Working on heat scheduling: storage efficiency

Optimizing heat storage is our next big goal, after our work towards batteries. 

We have decided to extend the in-built storage scheduling algorithm towards this goal. There might be other approaches for solving some complex heat storage configurations with custom advanced algorithms, but we believe that a majority of cases can be solved in-built.

The first action was to support the buffer-like behavior of heat storage, namely that energy (heat) is being lost over time. This lead to the new parameter storage-efficiency, which is now part of the flex model. So now we can express that a hot water storage tank will lose around 1% of the stored heat per day. This will be reflected in what the scheduler finds to be optimal.

This work was done in Pull Request 679.

Developer support: docs, packaging

We extended the core team that works on FlexMeasures, and that is always an opportunity to spot problems in the support for developers.
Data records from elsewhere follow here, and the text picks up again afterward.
(* Let $\Sigma$ be a complete hyperbolic surface without cusps with metric $g$ and area form $dArea$, $\gamma$ a simple closed geodesic, and $R>0$ such that $B_R(\gamma)$ is isometric to $\gamma\times]-R,R[$ with metric $\cosh^2(r)dt^2+dr^2$. Let $(R_m)$, $(\phi_m)$, $(\psi_m)$ be sequences with $R_m<R$, $R_m\downarrow0$, $\phi_m,\psi_m\in C_0^\infty(]-R_m,R_m[)$, $\int_{-R_m}^{R_m}\cosh(s)\psi_m(s)ds=1$, and $(\|\psi_m\|_{L^1})$ uniformly bounded. Let $\tilde\kappa_m:=\left.\frac{\partial}{\partial s}\kappa_{s\phi_m,s\psi_m}\right|_{s=0}$, where $\kappa_{\phi,\psi}$ is the curvature of the metric $g_{\phi,\psi}$ equal to $(\cosh(r)dt-\phi(r)dr)^2+e^{2\psi(r)}dr^2$ on $B_R(\gamma)$ and to $g$ elsewhere. Then for every Lipschitz function $f$ on $\Sigma$, $$\lim_{m\to\infty}\int_\Sigma f\,\tilde\kappa_m\,dArea=\int_\gamma f\,dl.$$
   Context: $t$ is an arc-length parameter of $\gamma$ and $r$ the signed distance to $\gamma$. *)

From Stdlib Require Import Reals.
From Coquelicot Require Import Coquelicot.
Open Scope R_scope.

Definition du (h : R -> R -> R) (u v : R) : R := Derive (fun x => h x v) u.
Definition dv (h : R -> R -> R) (u v : R) : R := Derive (fun y => h u y) v.

Definition det3 (a b c d e f g h i : R) : R :=
  a * (e * i - f * h) - b * (d * i - f * g) + c * (d * h - e * g).

(* Gaussian curvature of the metric  E du^2 + 2 F du dv + G dv^2
   (Brioschi formula). *)
Definition gauss_curv (E F G : R -> R -> R) (u v : R) : R :=
  (det3 (- dv (dv E) u v / 2 + du (dv F) u v - du (du G) u v / 2)
        (du E u v / 2) (du F u v - dv E u v / 2)
        (dv F u v - du G u v / 2) (E u v) (F u v)
        (dv G u v / 2) (F u v) (G u v)
   - det3 0 (dv E u v / 2) (du G u v / 2)
          (dv E u v / 2) (E u v) (F u v)
          (du G u v / 2) (F u v) (G u v))
  / (E u v * G u v - F u v ^ 2) ^ 2.

(* Curvature kappa_{phi,psi}(t,r) of g_{phi,psi} = (cosh r dt - phi(r) dr)^2
   + e^{2 psi(r)} dr^2 on the collar, in collar coordinates (t,r). *)
Definition kappa (phi psi : R -> R) (t r : R) : R :=
  gauss_curv (fun _ r => cosh r ^ 2)
             (fun _ r => - (cosh r * phi r))
             (fun _ r => phi r ^ 2 + exp (2 * psi r)) t r.

Definition kappa_tilde (phi psi : R -> R) (t r : R) : R :=
  Derive (fun s => kappa (fun x => s * phi x) (fun x => s * psi x) t r) 0.

Definition smooth (f : R -> R) : Prop :=
  forall n x, ex_derive (Derive_n f n) x.

(* f in C_0^infinity(]a,b[) (extended by 0 to R): smooth with compact
   support contained in ]a,b[. *)
Definition C0inf (a b : R) (f : R -> R) : Prop :=
  smooth f /\
  exists a' b', a < a' /\ b' < b /\ forall x, (x < a' \/ b' < x) -> f x = 0.

From Stdlib Require Import Reals Lra.
From Coquelicot Require Import Coquelicot.
Open Scope R_scope.

(* On the collar, differentiating the Brioschi formula at [s = 0] gives
   [kappa_tilde_m * cosh r = 2 cosh r psi_m + sinh r psi_m'], since [phi_m] enters only at
   order [s^2].  As [cosh psi + sinh psi' = (sinh psi)'], this density has total mass
   [int cosh psi_m = 1] and support in [-R_m, R_m], so the inner integral minus [f(t,0)] is
   [int (f(t,r) - f(t,0)) (2 cosh r psi_m + sinh r psi_m') dr].  The [psi_m] part is
   [O(R_m |psi_m|_1)] because [f] is Lipschitz; the [psi_m'] part is moved onto the Lipschitz
   function [(f(t,r) - f(t,0)) sinh r] by an integration by parts (carried out with difference
   quotients, as [f] need not be differentiable), giving the same bound.  The error is thus
   [O(R_m)] uniformly in [t]. *)

Lemma continuous_of_ex_derive (f : R -> R) x : ex_derive f x -> continuous f x.
Proof. apply (ex_derive_continuous (K := R_AbsRing) (V := R_NormedModule)). Qed.

Ltac solve_continuous :=
  unfold Rdiv; solve [repeat match goal with
  | |- continuous (fun y => @?f y * @?g y) _ => apply (continuous_mult f g)
  | |- continuous (fun y => @?f y + @?g y) _ => apply (continuous_plus f g)
  | |- continuous (fun y => @?f y - @?g y) _ => apply (continuous_minus f g)
  | |- continuous (fun y => Rabs (@?f y)) _ => apply (continuous_Rabs_comp f)
  | |- continuous (fun _ => _) _ => apply continuous_const
  | |- continuous (fun y => y) _ => apply continuous_id
  | |- continuous _ _ => solve [auto]
  | |- continuous _ _ => apply continuous_of_ex_derive; solve [auto_derive; auto]
  | |- continuous (fun y => ?h (@?f y)) _ => apply (continuous_comp f h)
  end].

Ltac solve_ex_RInt :=
  apply (ex_RInt_continuous (V := R_CompleteNormedModule)); intros; solve_continuous.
We added two main improvements:

  • Better developer docs, making it easier to install FlexMeasures and understand what it's doing (Pull Requests 664, 665, 676, 687698)
  • Packaging improvements, making it easier to use FlexMeasures in deployments (Pull Requests: 670, 671)

API sunsetting

Finally, as our long journey to a more flexible datamodel is coming close to completion, we are sunsetting (as we pre-announced in version 0.12) API versions below 3. Please help your users upgrade to API version 3 before you use FlexMeasures v0.14!

While version 0.13 still allowed hosts to get the sunset endpoints back if needed, we now have sunsetted them and they return HTTP status code 410 by default.

We compiled some helpful information for FlexMeasures hosts to manage this transition well.  

This work was done in Pull Request 667.